**What you are asked to do:**
Find every line below where the word "Section" occurs, then give how many you found and nothing else.

**Information:**
Lemma sum_entries_le_frac_colouring (B : 'M[R]_n) x :
  theta_feasible e B -> frac_colouring (compl_graph e) x ->
  sum_entries B <= \sum_(I | independent (compl_graph e) I) x I.
Proof.
move=> [psdB [trB1 Be]] xcol; have [x_ge0 _] := xcol.
rewrite frac_colouring_total //; set k := \sum_I x I; set a := cover_weight x.
have [i0 _] : exists i0 : 'I_n, true.
  case: (pickP (fun _ : 'I_n => true)) => [i0 _|none]; first by exists i0.
  by move: trB1; rewrite /mxtrace big_pred0 // => /eqP; rewrite eq_sym oner_eq0.
have k_gt0 : 0 < k.
  apply: (lt_le_trans (coverage_gt0 xcol i0)); apply: ler_sum => I _ /=.
  by case: (i0 \in I); rewrite ?mulr1 ?mulr0.
have : 0 <= \sum_I x I * qform B (fun i => a I i - k^-1).
  by apply: sumr_ge0 => I _; rewrite mulr_ge0 ?psd_qform_ge0.
rewrite (weighted_qform_shift _ (sum_cover_weight xcol) (mulVf (lt0r_neq0 k_gt0))).
have -> : \sum_i \sum_j B i j * (\sum_I x I * a I i * a I j - k^-1) =
          \sum_i B i i / coverage x i - k^-1 * sum_entries B.
  rewrite /sum_entries mulr_sumr -sumrB; apply: eq_bigr => i _.
  under eq_bigr do rewrite mulrBr; rewrite sumrB mulr_sumr; congr (_ - _).
    rewrite (bigD1 i) //= [X in _ + X]big1 => [|j ji].
      by rewrite (sum_cover_weight_sqr xcol) addr0.
    by rewrite (sum_cover_weight_offdiag xcol) // eq_sym.
  by apply: eq_bigr => j _; rewrite mulrC.
have diag_le : \sum_i B i i / coverage x i <= 1.
  rewrite -trB1; apply: ler_sum => i _.
  by rewrite ler_pdivrMr ?coverage_gt0 // ler_peMr ?psd_diag_ge0 ?coverage_ge1.
rewrite subr_ge0 => /le_trans/(_ diag_le).
by rewrite ler_pdivrMl // mulr1.
Qed.

End WeakDuality.

Section FeasibleMatrices.
Variables (R : realType) (n : nat) (e : rel 'I_n).

Definition nbhd (v : 'I_n) : {set 'I_n} := [set j | e v j].

Definition adjmx : 'M[R]_n := \matrix_(i, j) (e i j)%:R.

Lemma sum_indicator (A : {set 'I_n}) : \sum_j (j \in A)%:R = #|A|%:R :> R.
Proof.
rewrite -sumr_const [RHS]big_mkcond; apply: eq_bigr => j _.
by case: (j \in A).
Qed.

Lemma card_nbhd v : #|nbhd v|%:R = \sum_j (e v j)%:R :> R.
Proof. by rewrite -sum_indicator; apply: eq_bigr => j _; rewrite inE. Qed.

Lemma triangle_free_nbhd_independent v :
  triangle_free e -> independent e (nbhd v).
Proof.
move=> tf; apply/forall_inP => i; rewrite inE => evi.
apply/forall_inP => j; rewrite inE => evj.
by apply/negP => eij; apply: (tf v i j); rewrite evi eij evj.
Qed.

Lemma theta_feasible_normalize (P : 'M[R]_n) :
  psd P -> 0 < \tr P -> (forall i j, e i j -> P i j = 0) ->
  theta_feasible e ((\tr P)^-1 *: P).
Proof.
move=> psdP trP_gt0 P_edge; split; first by apply: psdZ; rewrite // invr_ge0 ltW.
split; first by rewrite mxtraceZ mulVf // gt_eqF.
by move=> i j /P_edge eP; rewrite mxE eP mulr0.
Qed.

Lemma theta_feasible_independent (I : {set 'I_n}) :
  independent e I -> (0 < #|I|)%N ->
  exists B : 'M[R]_n, theta_feasible e B /\ sum_entries B = #|I|%:R.
Proof.
move=> indI I_gt0; pose u : 'rV[R]_n := \row_j (j \in I)%:R.
have uuE i j : (u^T *m u) i j = (i \in I)%:R * (j \in I)%:R.
  by rewrite mxE big_ord1 !mxE.
have I_gt0R : (0 < #|I|%:R :> R) by rewrite ltr0n.
have tr_uu : \tr (u^T *m u) = #|I|%:R.
  rewrite -sum_indicator; apply: eq_bigr => i _.
  by rewrite uuE; case: (i \in I); rewrite ?mulr1 ?mulr0.
exists ((\tr (u^T *m u))^-1 *: (u^T *m u)); split.
  apply: theta_feasible_normalize; [exact: psd_trmx_mul | by rewrite tr_uu |].
  move=> i j eij; rewrite uuE.
  case: (boolP (i \in I)) => iI; last by rewrite mul0r.
  case: (boolP (j \in I)) => jI; last by rewrite mulr0.
  by move/forall_inP: indI => /(_ i iI)/forall_inP/(_ j jI); rewrite eij.
rewrite sum_entriesZ tr_uu.
have -> : sum_entries (u^T *m u) = #|I|%:R * #|I|%:R.
  rewrite -sum_indicator mulr_suml; apply: eq_bigr => i _.
  by rewrite mulr_sumr; apply: eq_bigr => j _; rewrite uuE.
by rewrite mulKf // gt_eqF.
Qed.

Lemma adjmx_sqrE i j : (adjmx *m adjmx) i j = \sum_k (e i k)%:R * (e k j)%:R.
Proof. by rewrite mxE; apply: eq_bigr => k _; rewrite !mxE. Qed.

Lemma adjmx_sqr_ge0 i j : 0 <= (adjmx *m adjmx) i j.
Proof. by rewrite adjmx_sqrE sumr_ge0 // => k _; rewrite mulr_ge0. Qed.

Lemma triangle_free_adjmx_sqr i j :
  triangle_free e -> e i j -> (adjmx *m adjmx) i j = 0.
Proof.
move=> tf eij; rewrite adjmx_sqrE big1 // => k _.
case: (boolP (e i k)) => eik; last by rewrite mul0r.
case: (boolP (e k j)) => ekj; last by rewrite mulr0.
by case: (tf i k j); rewrite eik ekj eij.
Qed.

Lemma adjmx_sqr_diag i : symmetric e -> (adjmx *m adjmx) i i = #|nbhd i|%:R.
Proof.
move=> sym; rewrite adjmx_sqrE card_nbhd; apply: eq_bigr => k _.
by rewrite (sym k i); case: (e i k); rewrite ?mulr1 ?mulr0.
Qed.

End FeasibleMatrices.

Section LovaszWitness.
Variables (R : realType) (n : nat) (e : rel 'I_n) (t : R).
Hypotheses (simple_e : simple_graph e) (tf : triangle_free e) (t_gt0 : 0 < t).

Definition lovasz_witness : 'M[R]_n :=
  let M := adjmx R e - (t / 2)%:M in
  M^T *m M + t *: ((const_mx 1 : 'rV[R]_n)^T *m const_mx 1).

Lemma lovasz_witnessE i j : lovasz_witness i j =
  (adjmx R e *m adjmx R e) i j - t * (e i j)%:R + (t / 2) ^+ 2 * (i == j)%:R + t.
Proof.
have [_ sym] := simple_e.
have adjT : (adjmx R e)^T = adjmx R e by apply/matrixP => k l; rewrite !mxE sym.
have two_half : 2 * (t / 2) = t by rewrite mulrC divfK ?pnatr_eq0.
by rewrite mxE gram_shift_sym // !mxE big_ord1 !mxE two_half !mulr_natr !mulr1.
Qed.

Lemma lovasz_witness_psd : psd lovasz_witness.
Proof.
by apply: psdD; [exact: psd_trmx_mul | apply: psdZ; [exact: ltW | exact: psd_trmx_mul]].
Qed.

Lemma lovasz_witness_edge i j : e i j -> lovasz_witness i j = 0.
Proof.
have [irr _] := simple_e; move=> eij.
have ij : (i == j) = false by apply: contraTF eij => /eqP ->; rewrite irr.
by rewrite lovasz_witnessE triangle_free_adjmx_sqr // eij ij mulr0 mulr1 sub0r addr0 addNr.
Qed.

Lemma lovasz_witness_diag i :
  lovasz_witness i i = #|nbhd e i|%:R + (t / 2) ^+ 2 + t.
Proof.
have [irr sym] := simple_e.
by rewrite lovasz_witnessE adjmx_sqr_diag // irr eqxx mulr0 subr0 mulr1.
Qed.

Lemma lovasz_witness_ge i j : t - t * (e i j)%:R <= lovasz_witness i j.
Proof.
rewrite lovasz_witnessE; have := adjmx_sqr_ge0 R e i j.
have : 0 <= (t / 2) ^+ 2 * (i == j)%:R by rewrite mulr_ge0 ?sqr_ge0.
lra.
Qed.

Lemma theta_feasible_max_degree (d : R) :
  (0 < n)%N -> (forall v, #|nbhd e v|%:R <= d) ->
  exists B : 'M[R]_n, theta_feasible e B /\
    t * (n%:R - d) <= (d + (t / 2) ^+ 2 + t) * sum_entries B.
Proof.
move=> n_gt0 deg_le; set P := lovasz_witness; set K := d + (t / 2) ^+ 2 + t.
have sum_const (c : R) : \sum_(i < n) c = n%:R * c.
  by rewrite sumr_const card_ord mulr_natl.
have n_gt0R : 0 < n%:R :> R by rewrite ltr0n.
have trP_gt0 : 0 < \tr P.
  apply: (lt_le_trans (mulr_gt0 n_gt0R t_gt0)); rewrite -sum_const.
  apply: ler_sum => i _; rewrite lovasz_witness_diag.
  by rewrite lerDr addr_ge0 ?sqr_ge0.
have trP_le : \tr P <= n%:R * K.
  rewrite -sum_const; apply: ler_sum => i _; rewrite lovasz_witness_diag.
  by rewrite !lerD2r deg_le.
have sumP_ge : n%:R * (t * (n%:R - d)) <= sum_entries P.
  rewrite -sum_const; apply: ler_sum => i _.
  have row_ge : \sum_j (t - t * (e i j)%:R) <= \sum_j P i j.
    by apply: ler_sum => j _; exact: lovasz_witness_ge.
  apply: le_trans row_ge; rewrite sumrB sum_const -mulr_sumr mulrBr [n%:R * t]mulrC.
  by rewrite lerB // ler_pM2l // -card_nbhd.
exists ((\tr P)^-1 *: P).
have feasB : theta_feasible e ((\tr P)^-1 *: P).
  apply: theta_feasible_normalize => //; [exact: lovasz_witness_psd | exact: lovasz_witness_edge].
split=> //; have SB_ge0 := psd_sum_entries_ge0 feasB.1.
have sumP_eq : sum_entries P = \tr P * sum_entries ((\tr P)^-1 *: P).
  by rewrite sum_entriesZ mulrA mulfV ?mul1r // gt_eqF.
rewrite -(ler_pM2l n_gt0R) (le_trans sumP_ge) // sumP_eq mulrA.
exact: ler_wpM2r SB_ge0 _ _ trP_le.
Qed.

End LovaszWitness.

Lemma frac_colouring_exists (R : realType) (n : nat) (g : rel 'I_n) :
  irreflexive g -> exists x : {ffun {set 'I_n} -> R}, frac_colouring g x.
Proof.
move=> irr_g; pose x : {ffun {set 'I_n} -> R} := [ffun I : {set 'I_n} => (#|I| == 1)%N%:R].
have indep1 v : independent g [set v].
  apply/forall_inP => u /set1P ->; apply/forall_inP => w /set1P ->.
  by rewrite irr_g.
exists x; split; first by move=> I; rewrite ffunE ler0n.
split.
  move=> I; rewrite ffunE; case: (boolP (#|I| == 1)%N) => // /cards1P [v ->].
  by rewrite indep1.
move=> v; rewrite (bigD1 [set v]) /=; last by rewrite indep1 set11.
by rewrite ffunE cards1 lerDl sumr_ge0 // => I _; rewrite ffunE ler0n.
Qed.

Section LovaszTheta.
Variables (R : realType) (n : nat) (e : rel 'I_n).

Lemma compl_graph_irr : irreflexive (compl_graph e).
Proof. by move=> v; rewrite /compl_graph eqxx. Qed.

Lemma sum_entries_le_lovasz_theta (B : 'M[R]_n) :
  theta_feasible e B -> sum_entries B <= lovasz_theta R e.
Proof.
have [x xcol] := frac_colouring_exists R compl_graph_irr.
move=> feasB; apply: ub_le_sup; last by exists B; rewrite mxtrace_mul_const1.
exists (\sum_(I | independent (compl_graph e) I) x I) => _ [B' [feasB' ->]].
by rewrite mxtrace_mul_const1; exact: sum_entries_le_frac_colouring.
Qed.

Lemma lovasz_theta_le_frac_chromatic :
  (exists B : 'M[R]_n, theta_feasible e B) ->
  lovasz_theta R e <= frac_chromatic R (compl_graph e).
Proof.
move=> [B feasB]; have [x xcol] := frac_colouring_exists R compl_graph_irr.
apply: lb_le_inf; first by exists (\sum_(I | independent (compl_graph e) I) x I), x.
move=> _ [y [ycol ->]]; apply: ge_sup; first by exists (\tr (B *m const_mx 1)), B.
by move=> _ [B' [feasB' ->]]; rewrite mxtrace_mul_const1; exact: sum_entries_le_frac_colouring.
Qed.

End LovaszTheta.

Lemma powR_ratio (R : realType) (x : R) (m k : nat) :
  0 <= x -> x `^ (m%:R / k%:R) = (x `^ k%:R^-1) ^+ m.
Proof. by move=> x_ge0; rewrite -powR_mulrn ?powR_ge0 // -powRrM mulrC. Qed.

Lemma exists_theta_feasible_ge (R : realType) (n : nat) (e : rel 'I_n) (t : R) :
  simple_graph e -> triangle_free e -> 1 <= t -> t ^+ 3 = n%:R ->
  exists B : 'M[R]_n, theta_feasible e B /\ t ^+ 2 / 16 <= sum_entries B.
Proof.
move=> simple_e tf t_ge1 t3; set d := t ^+ 2 / 16.
have t_gt0 : 0 < t := lt_le_trans ltr01 t_ge1.
have d_gt0 : 0 < d by rewrite divr_gt0 ?exprn_gt0.
have [/existsP [v deg_v] | /existsPn small] := boolP [exists v, d <= #|nbhd e v|%:R :> R].
  have nbhd_gt0 : (0 < #|nbhd e v|)%N by rewrite -(ltr0n R) (lt_le_trans d_gt0).
  have [B [feasB SB]] :=
    theta_feasible_independent R (triangle_free_nbhd_independent v tf) nbhd_gt0.
  by exists B; rewrite SB.
have deg_le w : #|nbhd e w|%:R <= d by rewrite ltW // ltNge small.
have n_gt0 : (0 < n)%N by rewrite -(ltr0n R) -t3 exprn_gt0.
have [B [feasB SB]] := theta_feasible_max_degree simple_e tf t_gt0 n_gt0 deg_le.
exists B; split=> //; rewrite -t3 in SB.
have K_gt0 : 0 < d + (t / 2) ^+ 2 + t.
  have : 0 <= d + (t / 2) ^+ 2 by rewrite addr_ge0 ?sqr_ge0 // ltW.
  lra.
rewrite -(ler_pM2l K_gt0) (le_trans _ SB) // -subr_ge0.
have -> : t * (t ^+ 3 - d) - (d + (t / 2) ^+ 2 + t) * d =
          t ^+ 3 * (t * (251 / 256) - 1 / 8).
  by rewrite /d; field.
by apply: mulr_ge0; [exact: exprn_ge0 (ltW t_gt0) | lra].
Qed.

**Problem solution:**
3